*** Records supplied ***
(* Let $f:(L',\alpha_{L'})\to(L,\alpha_L)$ be an $\alpha$-cover and $C=\mathfrak{uce}_\alpha(f)(\mathrm{Ker}\,U_{\alpha'})\subseteq\mathrm{Ker}\,U_\alpha$. Then: (a) For any $d\in\mathrm{Der}(L,\alpha_L)$ there exists $\delta_d\in\mathrm{Der}(L',\alpha_{L'})$ with $f\circ\delta_d=d\circ f$ if and only if $\mathfrak{uce}_\alpha(d)(C)\subseteq C$. In that case $\delta_d$ is uniquely determined by $f\circ\delta_d=d\circ f$ and $\delta_d(\mathrm{Ker}\,f)\subseteq\mathrm{Ker}\,f$. (b) The map $\Delta:\{d\in\mathrm{Der}(L,\alpha_L):\mathfrak{uce}_\alpha(d)(C)\subseteq C\}\to\{\rho\in\mathrm{Der}(L',\alpha_{L'}):\rho(\mathrm{Ker}\,f)\subseteq\mathrm{Ker}\,f\}$, $d\mapsto\delta_d$, is a linear isomorphism. (c) For the $\alpha$-cover $U_\alpha:\mathfrak{uce}_\alpha(L)\to L$, the map $d\mapsto\mathfrak{uce}_\alpha(d)$ is a linear isomorphism $\mathrm{Der}(L,\alpha_L)\to\{\delta\in\mathrm{Der}(\mathfrak{uce}_\alpha(L),\overline{\alpha}):\delta(\mathrm{Ker}\,U_\alpha)\subseteq\mathrm{Ker}\,U_\alpha\}$.
   Context: Hom-Leibniz algebras are multiplicative: $(L,\alpha_L)$ is a $\mathbb{K}$-vector space with bilinear bracket and linear $\alpha_L$ such that $[\alpha_L(x),[y,z]]=[[x,y],\alpha_L(z)]-[[x,z],\alpha_L(y)]$ and $\alpha_L[x,y]=[\alpha_L(x),\alpha_L(y)]$; homomorphisms preserve brackets and commute with structure maps. $\mathrm{Der}(L,\alpha_L)$ is the space of linear $d:L\to L$ with $d[x,y]=[\alpha_L(x),d(y)]+[d(x),\alpha_L(y)]$ and $d\circ\alpha_L=\alpha_L\circ d$. $Z(K)=\{x:[x,y]=0=[y,x]\ \forall y\}$. $(L,\alpha_L)$ is $\alpha$-perfect if $L=[\alpha_L(L),\alpha_L(L)]$. A central extension is a surjective homomorphism $\pi$ with $\mathrm{Ker}\,\pi\subseteq Z(K)$. An $\alpha$-cover is a central extension $f:(L',\alpha_{L'})\to(L,\alpha_L)$ with $(L',\alpha_{L'})$ $\alpha$-perfect (then $L$ is $\alpha$-perfect). For $\alpha$-perfect $(L,\alpha_L)$: $I_L\subseteq\alpha_L(L)\otimes\alpha_L(L)$ is spanned by $-[x_1,x_2]\otimes\alpha_L(x_3)+[x_1,x_3]\otimes\alpha_L(x_2)+\alpha_L(x_1)\otimes[x_2,x_3]$; $\mathfrak{uce}_\alpha(L)=(\alpha_L(L)\otimes\alpha_L(L))/I_L$ with classes $\{\alpha_L(x_1),\alpha_L(x_2)\}$, bracket $[\{a,b\},\{c,e\}]=\{[a,b],[c,e]\}$, endomorphism $\overline{\alpha}\{\alpha_L(x_1),\alpha_L(x_2)\}=\{\alpha_L^2(x_1),\alpha_L^2(x_2)\}$, $U_\alpha\{a,b\}=[a,b]$ (the universal $\alpha$-central extension); $U_{\alpha'}$ is the same for $L'$. $\mathfrak{uce}_\alpha(f)\{\alpha_{L'}(x_1),\alpha_{L'}(x_2)\}=\{\alpha_L(f(x_1)),\alpha_L(f(x_2))\}$, and for $d\in\mathrm{Der}(L,\alpha_L)$, $\mathfrak{uce}_\alpha(d)\{\alpha_L(x_1),\alpha_L(x_2)\}=\{d(\alpha_L(x_1)),\alpha_L^2(x_2)\}+\{\alpha_L^2(x_1),d(\alpha_L(x_2))\}$, a derivation of $\mathfrak{uce}_\alpha(L)$. *)

From HB Require Import structures.
From mathcomp Require Import all_boot all_order all_algebra.
From mathcomp Require Import generic_quotient.
From Stdlib Require Import ClassicalEpsilon.
Set Implicit Arguments. Unset Strict Implicit. Unset Printing Implicit Defensive.
Import GRing.Theory.
Local Open Scope ring_scope.
Local Open Scope quotient_scope.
*** End of Records supplied ***
### Problem to solve:
Every line from the one containing "Local Open Scope ring_scope." to the end of the material above must be written out exactly. Nothing else is wanted.

### Output of the exercise:
Local Open Scope ring_scope.
Local Open Scope quotient_scope.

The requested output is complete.